The metal box was square and sealed shut, with traces of a red and black tartan on the top and the figures of brown and plump birds scattered on all sides. The sea and the salt had blurred, even erased, the drawings, but Kate’s eye was able to reconstruct their contours out of the few details, as if her memory was unhesitatingly linking all the remnant dots to a familiar picture. And indeed, Kate could easily believe that she had just found a metal box similar to those of the biscuits she had eaten as a child. She had spent her childhood in Gants Hill, a small town in Essex, but she had never gone back since the waters had flooded everything, the town, its people, their butter biscuits. Her grandmother used to bring over a metal box on Friday evenings and incidentally point out that you shouldn’t eat them after eating potatoes or peppers or whatever other food — Kate didn’t know which was problematic. She only remembered that the biscuits, what did her grandmother call them? were not compatible with everything, but there was nothing exceptional about this because the family was used to making lists of incompatible foods as one makes lists of complementary colours that can be somewhat arbitrary. Curiously, for example, one should never eat bacon after eating toffees, whereas the opposite was not true. Jellies, on the other hand, escaped all prohibitions, whatever colour and flavour. Even the violet ones? Kate asked. Even the violet ones, her grandmother answered. And how about the fluorescent ones? No problem at all, her grandmother repeated. Kate was fascinated because to her nothing seemed less edible than those bright translucent jellies that shook in the centre of the table and which her grandmother had named jellytefish, because they looked like jellyfish. Why not just say jellyfish? Kate asked her grandmother who answered with wide ignorant eyes. Kate hadn’t kept any of these habits because her husband, Colin, despised people who claimed food identities. He found it vulgar, undignified, degrading. Not everyone can claim a pedigree such as yours, Kate protested softly, knowing that the word annoyed the well-born Colin because of its canine connotations. But what on earth were those biscuits called?

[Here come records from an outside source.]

(* Let $\Pi$ be an $n$-dimensional linear space satisfying the exchange axiom and let $S$ and $U$ be distinct subspaces of $\Pi$. The following are equivalent: (1) there exists a base of $\Pi$ such that both $S$ and $U$ are spanned by points of this base; (2) $\dim\overline{S\cup U}=\dim S+\dim U-\dim(S\cap U)$.
   Context: A linear space $\Pi=(P,\mathcal{L})$ is a set $P$ of points with a family $\mathcal{L}$ of proper subsets (lines) such that each line has at least two points and any two distinct points $p,q$ lie on exactly one line $pq$. A subspace is a set $S\subset P$ with $pq\subset S$ for all distinct $p,q\in S$; $\overline{X}$ is the smallest subspace containing $X$. A set $X$ is independent if $\overline{X}$ is not spanned by a proper subset of $X$; a base of $\Pi$ is an independent set spanning $P$. A subspace is $m$-dimensional if $m+1$ is the smallest number of points spanning it (the empty set is $(-1)$-dimensional). Exchange axiom: for every $X\subset P$ and $p_1,p_2\in P\setminus\overline{X}$, $p_2\in\overline{X\cup\{p_1\}}$ implies $p_1\in\overline{X\cup\{p_2\}}$. *)

From Stdlib Require Import List ZArith.
Import ListNotations.

Section LinSpace.
Context {P : Type}.

Definition sub (X Y : P -> Prop) : Prop := forall x, X x -> Y x.
Definition seteq (X Y : P -> Prop) : Prop := forall x, X x <-> Y x.

Definition linear_space (L : (P -> Prop) -> Prop) : Prop :=
  (forall l, L l -> exists p, ~ l p) /\
  (forall l, L l -> exists p q, p <> q /\ l p /\ l q) /\
  (forall p q, p <> q -> exists l, L l /\ l p /\ l q /\
       forall l', L l' -> l' p -> l' q -> seteq l' l).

She weighed the metal box in her hands. It was heavy. She tried several times to open the lid, but she couldn’t. She finally grabbed a long sharp stone and prised up one of the edges, which made all the others give way. Under crusts of salt and sand, Kate finally made out what the mass inside was. Not biscuits, alas; nothing was more disappointing to her as a child than to discover that metal boxes always ended up empty of biscuits and instead were full of all sorts of inedible objects such as screws or keys. This one was no exception and it seemed to Kate that it contained a large block of paper. A book? Several books? She immediately imagined recipe books for butter biscuits. She closed the metal box and went home clutching her loot.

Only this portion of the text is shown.